View Single Post
  #5  
Old 18th September 2011, 08:28
F19Gladiator F19Gladiator is offline
Senior Member
 
Join Date: Nov 2006
Posts: 466
F19Gladiator is on a distinguished road
Re: FW 200 C-2 - What month did it enter service in 1940 ?

To answer your question Martin if the Fw 200C-2 variant participated in the Norwegian campaign, I assume you are interested in the period within Unternemen Weserübung as from 9 April 1940 until the Norwegian surrender 10 June 1940. There is a very interesting two part article on the Fw 200 in Norway written by Ulf Larsstuvold and published in the Norwegian magazine Flyhistorie Nr.19 and 20 2011(only Norwegian language). Part I: ‘Condor Over Norge i 1940’ and Part II: ‘Focke Wulf Fw 200 Condor i Norge 1941-1946’ – all in all 25 pages of article illustrated with b/w photos and five colour side view profiles. At the end there is a useful list of references which reinforces my impression that it is well researched. From the article I extract some information linked to the Weserübung period.
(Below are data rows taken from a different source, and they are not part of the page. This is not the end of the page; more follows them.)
(* Let $S(x)=0$ be an arbitrary smooth closed surface in ${\bf R}^n$. Then there exists a stationary (time-independent) Lorentzian metric on ${\bf R}^n\times{\bf R}$, with inverse tensor $[g^{jk}(x)]_{j,k=0}^n$, such that $S=0$ is an ergosphere of this metric and $\{S(x)=0\}\times{\bf R}$ is an event horizon.
   Context: Coordinates $(x_0,x)$, $x_0$ time, $x\in{\bf R}^n$; the metric has signature $(1,-1,\dots,-1)$ and $g^{00}>0$. The ergosphere is the set where $g_{00}(x)=0$, equivalently where $\det[g^{jk}(x)]_{j,k=1}^n=0$. A closed smooth surface $S_0(x)=0$ gives an event horizon $\{S_0=0\}\times{\bf R}$ if it is characteristic, i.e. $\sum_{j,k=1}^n g^{jk}S_{0x_j}S_{0x_k}=0$ on $S_0=0$, and $\sum_{j=1}^n g^{0j}S_{0x_j}\neq0$ on $S_0=0$ (with $S_{0x}$ the outward normal; the interior is then a black hole if this sum is negative and a white hole if positive). *)

From HB Require Import structures.
From mathcomp Require Import all_boot all_order all_algebra.
From mathcomp Require Import all_classical all_reals all_analysis.
Set Implicit Arguments. Unset Strict Implicit. Unset Printing Implicit Defensive.
Import Order.TTheory GRing.Theory Num.Theory.
Import numFieldNormedType.Exports.
Local Open Scope ring_scope.
Local Open Scope classical_set_scope.

(* Points of space R^n are row vectors 'rV[R]_n; spatial index i : 'I_n
   corresponds to the coordinate x_{i+1}.  Space-time indices are 'I_n.+1,
   with ord0 the time index x_0 and (lift ord0 i) the spatial index x_{i+1}. *)

Definition evec (R : realType) (n : nat) (i : 'I_n) : 'rV[R]_n := delta_mx 0 i.

Definition partial (R : realType) (n : nat) (i : 'I_n) (f : 'rV[R]_n -> R)
  : 'rV[R]_n -> R := fun x => 'D_(evec R i) f x.

Fixpoint dpart (R : realType) (n : nat) (l : seq 'I_n) (f : 'rV[R]_n -> R)
  : 'rV[R]_n -> R :=
  match l with
  | [::] => f
  | i :: l' => partial i (dpart l' f)
  end.

Definition smooth (R : realType) (n : nat) (f : 'rV[R]_n -> R) : Prop :=
  forall (l : seq 'I_n) (x : 'rV[R]_n), differentiable (dpart l f) x.

Definition grad_ne0 (R : realType) (n : nat) (S : 'rV[R]_n -> R) (x : 'rV[R]_n) : Prop :=
  exists i : 'I_n, partial i S x != 0.
Lemma Chat_lift S a q : is_end V F a -> Chat V F S a q ->
  Chat V G S (lift_end V G a) (lift_point V G q).
Proof.
  intros Ha [Hq [[x [w [-> [Hx Cx]]]]|[[x [y [w [-> [E Cxy]]]]]|[b [-> [r [x [Hbr [Cx Hrx]]]]]]]]];
    split; try (apply valid_lift_point; auto); simpl.
  - left; exists x, w; split; [|split]; auto. apply in_C_lift; auto.
  - right; left; exists x, y, w; split; [|split]; [auto|apply on_edge_subgraph; auto|].
    destruct Cxy; [left|right]; apply in_C_lift; auto.
  - right; right; eexists; split; [reflexivity|]. exists r, x; split; [apply lift_end_mem; auto|].
    split; [apply in_C_lift; auto|eapply tail_in_subgraph; eauto].
Qed.

Lemma open_in_lift_preimage O : open_in V G O -> open_in V F (fun p => O (lift_point V G p)).
Proof.
  intros OO p Hp HOp. pose proof (OO _ (valid_lift_point p Hp) HOp) as Hnb.
  destruct p as [w|a]; simpl in Hnb.
  - destruct Hnb as [[v [w0 [Ew [Hv [eps [He HO]]]]]]|[[u [v [w0 [Ew [E [eps [He HO]]]]]]]|[a [Ea _]]]];
      try discriminate; injection Ew as <-.
    + left; exists v, w; split; [|split]; auto; exists eps; split; auto.
      intros w' Hw' Hlt; apply (HO w'); auto. apply (valid_lift_point (P1 w')); auto.
    + destruct Hp as [[x Hx]|[u' [v' E']]];
        [exfalso; apply (vtx_pt_not_on_edge V G Gg x u v w Hx E)|].
      right; left; exists u', v', w; split; [|split]; auto; exists eps; split; auto.
      destruct (on_edge_ends V G Gg u v u' v' w E (on_edge_subgraph _ _ _ E')) as [[-> ->]|[-> ->]].
      * intros w' E'' Hlt; apply (HO w'); auto. apply on_edge_subgraph; auto.
      * intros w' E'' Hlt; apply (HO w'); [apply on_edge_sym, on_edge_subgraph; auto|].
        destruct (on_edge_weights V F u' v' w' E''), (on_edge_weights V F u' v' w E').
        split_Rabs; lra.
  - destruct Hnb as [[v [w0 [Ea _]]]|[[u [v [w0 [Ea _]]]]|[a0 [Ea [S HO]]]]]; try discriminate.
    injection Ea as <-.
    right; right; exists a; split; auto; exists S. intros q Hq. apply HO, Chat_lift; auto.
Qed.

End Lift.

Theorem lemma1 (V : Type) (G F : V -> V -> Prop) :
  graph V G -> graph V F -> infinite_type V -> locally_finite V G ->
  subgraph V F G -> faithful V F G ->
  has_ham_circle F -> has_ham_circle G.
Proof.
  intros Gg Fg _ Glf FG [_ FG_equiv] [f [f_valid [f_inj [f_cont [f_open f_vertices]]]]].
  set (g := fun z => lift_point V G (f z)).
  assert (g_valid : forall z, on_circle z -> valid V G (g z))
    by (intros z Hz; apply (valid_lift_point V G F); auto).
  assert (g_inj : forall z z', on_circle z -> on_circle z' -> g z = g z' -> z = z')
    by (intros z z' Hz Hz' E; apply f_inj, (lift_point_inj V G F); auto).
  assert (g_cont : forall O, open_in V G O -> circ_open (fun z => O (g z)))
    by (intros O OO; apply (f_cont (fun p => O (lift_point V G p))), open_in_lift_preimage; auto).
  exists g; split; [|split; [|split; [|split]]]; auto.
  - intros U OU. exists (fun q => ~ image_compl V g U q).
    split; [apply open_in_image_compl; auto|].
    intros z Hz; split.
    + intros Uz [z' [Hz' [nUz' E]]]. rewrite (g_inj z z') in Uz; auto.
    + intros Hnim. apply NNPP; intro nUz. apply Hnim; exists z; auto.
  - intros v. destruct (f_vertices v) as [z [Hz [w [Efz Hv]]]].
    exists z; split; auto. exists w; unfold g; rewrite Efz; auto.
Qed.
(* Let $n,N\ge 1$ and $\varepsilon\ge 0$ be integers with $\varepsilon/n\le 1/2$ and $N<2^{n(1-h(\varepsilon/n))-1}$. Let $p=1-(1-V_\varepsilon)^N$ be the success probability of a single trial of the attacker, and let $m_{out}=-\ln 2/\ln(1-p)$ be the median number of trials for the attacker to successfully impersonate a user. Then $$m_{out}=\Omega\left(2^{n(1-h(\varepsilon/n))-\log_2 N}\right)\quad\text{and}\quad m_{out}=O\left(2^{n(1-h(\varepsilon/n))+\frac{1}{2}\log_2\left(\varepsilon\left(1-\frac{\varepsilon}{n}\right)\right)-\log_2 N}\right),$$ where $h$ is the binary entropy function.
   Context: Templates are binary vectors in $\mathbb{Z}_2^n$ compared with the Hamming distance $d_{\mathcal H}$; a guess $t$ is accepted against an enrolled template $v$ if $d_{\mathcal H}(t,v)\le\varepsilon$. The $N$ enrolled templates are independent and uniformly distributed in $\mathbb{Z}_2^n$, and the (outsider) attacker generates independent uniformly random templates until one is within distance $\varepsilon$ of some enrolled template. $B_\varepsilon(t)=\{y\in\mathbb{Z}_2^n: d_{\mathcal H}(t,y)\le\varepsilon\}$, $|B_\varepsilon|=\sum_{k=0}^{\varepsilon}\binom{n}{k}$, and $V_\varepsilon=|B_\varepsilon|/2^n$. The binary entropy function is $h(x)=-x\log_2 x-(1-x)\log_2(1-x)$. *)

From Stdlib Require Import Reals.
Open Scope R_scope.

Definition log2 (x : R) : R := ln x / ln 2.

(* binary entropy h(x) = -x log2 x - (1-x) log2 (1-x); at x = 0 or 1 the
   terms 0*log2 0 evaluate to 0 (since Stdlib's ln 0 = 0), matching the
   usual convention 0 log 0 = 0. *)
Definition h (x : R) : R := - x * log2 x - (1 - x) * log2 (1 - x).
Lemma mul_mx_deltaE m n p (A : 'M[R]_(m, n)) r (s : 'I_p) i j :
  (A *m delta_mx r s) i j = A i r * (j == s)%:R.
Proof.
rewrite mxE (bigD1 r) //= big1 ?addr0 => [|k /negPf nkr]; first by rewrite mxE eqxx.
by rewrite mxE nkr mulr0.
Qed.

Lemma mul_delta_mxE m n p (r : 'I_m) s (A : 'M[R]_(n, p)) i j :
  (delta_mx r s *m A) i j = (i == r)%:R * A s j.
Proof.
rewrite mxE (bigD1 s) //= big1 ?addr0 => [|k /negPf nks]; first by rewrite mxE eqxx andbT.
by rewrite mxE nks andbF mul0r.
Qed.

Lemma mul_mx_delta_mulE m n p q (A : 'M[R]_(m, n)) r s (B : 'M[R]_(p, q)) i j :
  (A *m delta_mx r s *m B) i j = A i r * B s j.
Proof.
rewrite mxE (bigD1 s) //= big1 ?addr0 => [|k /negPf nks].
  by rewrite mul_mx_deltaE eqxx mulr1.
by rewrite mul_mx_deltaE nks mulr0 mul0r.
Qed.

Lemma delta_mx_conj n (A : 'M[R]_n) a :
  delta_mx a a *m A *m delta_mx a a = A a a *: delta_mx a a.
Proof.
apply/matrixP=> i j; rewrite mul_mx_deltaE mul_delta_mxE !mxE.
by case: (i == a) (j == a) => [] []; rewrite /= ?mul1r ?mulr1 ?mul0r ?mulr0.
Qed.

Lemma mxtrace_mul_delta n (A : 'M[R]_n) i j : \tr (A *m delta_mx i j) = A j i.
Proof.
rewrite /mxtrace (bigD1 j) //= big1 ?addr0 => [|k /negPf nkj].
  by rewrite mul_mx_deltaE eqxx mulr1.
by rewrite mul_mx_deltaE nkj mulr0.
Qed.

End DeltaMx.

Section Kraus.
Variable R : realType.
Local Notation C := R[i].

Lemma adjmxE m n (A : 'M[C]_(m, n)) i j : adjmx A i j = (A j i)^*.
Proof. by rewrite !mxE. Qed.

Lemma adjmxM m n p (A : 'M[C]_(m, n)) (B : 'M[C]_(n, p)) :
  adjmx (A *m B) = adjmx B *m adjmx A.
Proof. by rewrite /adjmx map_mxM trmx_mul. Qed.

Lemma adjmx_delta m n (i : 'I_m) (j : 'I_n) :
  adjmx (delta_mx i j : 'M[C]_(m, n)) = delta_mx j i.
Proof. by rewrite /adjmx map_delta_mx trmx_delta. Qed.

Lemma adjmx_diag n (l : 'rV[C]_n) : adjmx (diag_mx l) = diag_mx (map_mx Num.conj l).
Proof. by rewrite /adjmx map_diag_mx tr_diag_mx. Qed.

Lemma adjmx_real m n (A : 'M[R]_(m, n)) :
  adjmx (map_mx (real_complex R) A) = map_mx (real_complex R) A^T.
Proof. by apply/matrixP=> i j; rewrite !mxE; apply/CrealP; rewrite complex_real. Qed.

Lemma mxrank_mulmx_adj q n (P : 'M[C]_(q, n)) (c : C) :
  c != 0 -> adjmx P *m P = c *: 1%:M -> \rank (P *m adjmx P) = n.
Proof.
move=> c_neq0 PP; apply/eqP; rewrite eqn_leq.
rewrite (leq_trans (mxrankM_maxl _ _)) ?rank_leq_col //=.
apply: (@mulmx1_min_rank _ n _ _ _ (adjmx P) (c^-2 *: P)).
rewrite -scalemxAr !mulmxA -(mulmxA (adjmx P *m P)) PP -scalemxAl -scalemxAr.
by rewrite mul1mx !scalerA -mulrA -expr2 mulVf ?expf_neq0 ?scale1r.
Qed.

Definition kraus_map n d (Ks : seq 'M[C]_(n, d)) (X : 'M[C]_d) : 'M[C]_n :=
  \sum_(K <- Ks) K *m X *m adjmx K.

Lemma kraus_map1 n d (Ks : seq 'M[C]_(n, d)) :
  kraus_map Ks 1%:M = \sum_(K <- Ks) K *m adjmx K.
Proof. by apply: eq_bigr => K _; rewrite mulmx1. Qed.

Lemma kraus_map_rank1_diag n d (Ks : seq 'M[C]_(n, d)) (w : 'cV[C]_d) a :
  kraus_map Ks (w *m adjmx w) a a = \sum_(K <- Ks) `|(K *m w) a 0| ^+ 2.
Proof.
rewrite summxE; apply: eq_bigr => K _.
by rewrite mulmxA -mulmxA -adjmxM mxE big_ord1 adjmxE normCK.
Qed.

Lemma choi_matrixE n d (Phi : 'M[C]_d -> 'M[C]_n) r a s b :
  choi_matrix Phi (mxtens_index (r, a)) (mxtens_index (s, b))
  = Phi (delta_mx r s) a b.
Proof.
rewrite /choi_matrix summxE (bigD1 r) //= [X in _ + X]big1 ?addr0 => [|r' /negPf nr].
  rewrite summxE (bigD1 s) //= [X in _ + X]big1 ?addr0 => [|s' /negPf ns].
    by rewrite tensmxE mxE !eqxx mul1r.
  by rewrite tensmxE mxE eq_sym ns andbF mul0r.
rewrite summxE big1 // => s' _.
by rewrite tensmxE mxE eq_sym nr mul0r.
Qed.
I leave the versions earlier than Fw 200C-1 mostly aside here. The user to be of the new Fw 200C-versions, 1./KG 40 was set up with only six older He 111s 1.11.1939, received their first two Fw 200A in November as training aircraft, while the first three Fw 200C-1 arrived in the second week of April 1940 but as the unit was not operational yet they did not take part in the assault on Denmark and Norway on 9. April. However, right after the first naval battle at Narvik 10th of April the unit was ordered to relocate to Ålborg in the now occupied Denmark to fly reconnaissance missions over the Narvik area. Normally one or two of the three Fw 200C-1 were operational at a time and during April 22 operations are believed to have been flown by the three aircraft. During the period of April one aircraft was lost while two new were delivered why the unit had six Fw 200s on 4.May whereof two were ready for operations. May 6 1./KG 40 moved to Copenhagen. On May 11 the unit counted six ‘Condor’ while still only two operational. The number of operations flown in May is uncertain as the surviving material is not fully covering the period but the author has identified 20 operational flights in May with four new Fw 200 delivered and two lost. 2./KG 40 possibly being set up on May 1.
On May 30 the unit now being named I./KG 40 (1./KG 40 and 2./KG 40) moved from Copenhagen to Gardermoen in Norway. By June 1, KG 40 counted 6 Fw 200 C whereof three operational and the unit flew missions from their new base for two weeks until the Norwegian capitulation where after the unit flew back to their home base at Oldenburg on June 12. The author has counted to 52 missions flown by Fw 200C during the Norwegian campaign, nine Fw 200s delivered, three lost and two damaged in landing accidents.
Did the Fw 200C-2 fly operations during the Weserübung in 1940? According to the article Fw 200 WNr.008, F8+FH was probably the last ‘Condor’ delivered during the Norwegian campaign and seen on a photo from Gardermoen in the shift May to June. According to Juan-Carlos Salgado in the book ‘Focke-Wulf Fw 200 Condor the Airliner that went to War’, page 116, WNr.008 was a Fw 200C-1. I can not through the article by Ulf Larsstuvold verify any operations with Fw 200C-2 during Weserübung.
In part 2 of the article the deliveries to I./KG 40 during 1940 is summarized: 36 Fw 200 delivered in 1940; 10 C-1; 6 C-2 and 12 of the C-3 variant. 7 were allegedly transport D-2 variants. During 1940 eleven ‘Condor’ aircraft were lost, whereof four transport aircraft. Despite the number of aircraft at most three could fly missions in one day and that “high” number of missions was not common. The first recorded loss of a Fw 200C-2 according to Peter’s listing above seems to be well after the fighting in Norway had ceased as it was in late August 1940 (29.08.40)
The ‘Condor’ flown by 2./KGr.zbV.108 in Norway as VB+UA was WNr.0010 and a D variant, in the article by Larsstuvold named as a D-2 while in the loss listing in the book by Juan-Carlos Salgado it is named as a Fw 200D-1. The aircraft was lost in a landing accident at Gardermoen 14.12.1940.
Despite not being conclusive I hope the above can still be of interest.
Br
Goran

References:
Article Part I: ‘Condor Over Norge i 1940’, Ulf Larsstuvold. Norwegian magazine Flyhistorie Nr.19, 2011.
Article Part II: ‘Focke Wulf Fw 200 Condor i Norge 1941-1946’, Ulf Larsstuvold, Norwegian magazine Flyhistorie Nr.20, 2011.
Juan-Carlos Salgado, ‘Focke-Wulf Fw 200 Condor the Airliner that went to War’, Classic, 2008.